Alaska Air credits employee sacrifices
Jan. 27, 2006
Alaska Air Group Chairman and CEO Bill Ayer credited "sacrifices by our employees, strong revenue performance and the benefits of our fuel hedging program" for the company's improved performance in 2005, which saw the parent of Alaska Airlines and Horizon Air narrow its net loss 61.4% to $5.9 million from a 2004 deficit of $15.3 million.
Excluding the cumulative effect of a maintenance accounting policy change that totaled $90.4 million, the company said it earned $84.5 million last year. Furthermore, both 2004 and 2005 results include a number of special items, both gains and losses. Excluding these, 2005 net income would have been $55 million.
Also during a conference call, Ayer briefly addressed the safety issues that have plagued Alaska Airlines over the past two months, including two ground incidents in which aircraft were damaged on the ramp in Seattle (ATWOnline, Jan. 16). "I want to say unequivocally that safety is our No. 1 priority," he insisted, adding that the carrier is "putting into place a ramp action plan to improve all aspects of our operation."
AAG's operating revenue in 2005 climbed 9.3% to $2.98 billion and expenses rose just 6.4% to $2.98 billion, narrowing operating loss 90.7% to $7.4 million from $79.8 million in 2004. Excluding the impact of restructuring charges from both periods, however, operating loss was virtually flat at $13 million. Fuel costs rose 33.7% to $722.8 million and employee costs fell 4.5%.
Ayer said the company's improving revenue and "balance sheet strength" allowed it to consider the early retirement of 26 MD-80s. It will add 12 737-800s in 2006 and a further 26 aircraft during the following two years. It will retire 20 MD-80s this year. ASMs will increase 5%-6% in 2006.
Alaska Airlines posted an operating loss of $10.8 million, an 87.3% drop from a 2004 loss of $85.4 million, as revenue increased 8.2% to $2.42 billion and expenses rose 4.7% to $2.43 billion. Traffic climbed 4.2% to 16.76 billion RPMs and capacity rose just 0.1% to 22.29 billion ASMs. Yield was ahead 3.5% to 12.91 cents while load factor gained 3 points to 75.9%, pushing RASM up 8.2% to 10.84 cents. "The market is less price-sensitive than it has been in the past," Ayer said. CASM grew 4.6% to 10.89 cents but just 1.1% excluding fuel and special items.

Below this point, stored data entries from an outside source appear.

Section change_of_variables.
Context d1 d2 (T1 : measurableType d1) (T2 : measurableType d2) (R : realType).
Local Open Scope ereal_scope.

Lemma integral_mpushforward (mu : {measure set T1 -> \bar R}) (g : T1 -> T2)
    (mg : measurable_fun setT g) (f : T2 -> \bar R)
    (mf : measurable_fun setT f) (B : set T2) :
  measurable B ->
  \int[mpushforward mu mg]_(y in B) f y = \int[mu]_(x in g @^-1` B) f (g x).
Proof.
move=> mB; rewrite [LHS]integralE [RHS]integralE /mpushforward.
rewrite (ge0_integral_pushforward mg _ mB) //; last first.
  exact/measurable_funepos/measurable_funTS.
rewrite (ge0_integral_pushforward mg _ mB) //; last first.
  exact/measurable_funeneg/measurable_funTS.
by rewrite -funepos_comp -funeneg_comp.
Qed.

Lemma eq_integral_law (mu1 mu2 : {measure set T1 -> \bar R}) (g : T1 -> T2)
    (mg : measurable_fun setT g) (f : T2 -> \bar R)
    (mf : measurable_fun setT f) (B : set T2) :
  measurable B ->
  (forall A, measurable A -> mu1 (g @^-1` A) = mu2 (g @^-1` A)) ->
  \int[mu1]_(x in g @^-1` B) f (g x) = \int[mu2]_(x in g @^-1` B) f (g x).
Proof.
move=> mB law.
rewrite -(integral_mpushforward mu1 _ mg _ mf _ mB).
rewrite -(integral_mpushforward mu2 _ mg _ mf _ mB).
by apply: eq_measure_integral => A mA _; exact: law.
Qed.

At Horizon, a 10.6% rise in revenue to $556.4 million and an 11.4% climb in expenses to $550.2 million resulted in a $6.2 million operating profit, down 33.3% from $9.3 million in 2004. Traffic rose 14.8%, capacity was up 9.4% and load factor climbed 3.5 points to 72.8%, but yield dropped 2.8% to 21.98 cents. RASM increased 1% to 16.36 cents and CASM climbed 1.8% to 16.18 cents.
For the fourth quarter, AAG lost $33 million, narrowed 26.5% from a $44.9 million loss in the prior year. Excluding special items, it would have earned $0.6 million compared to a loss of $14.3 million in the year-ago period. Operating revenue rose 11.3% to $730.6 million and expenses lifted 6% to $756.4 million, resulting in a $25.8 million operating loss, a 55.1% improvement.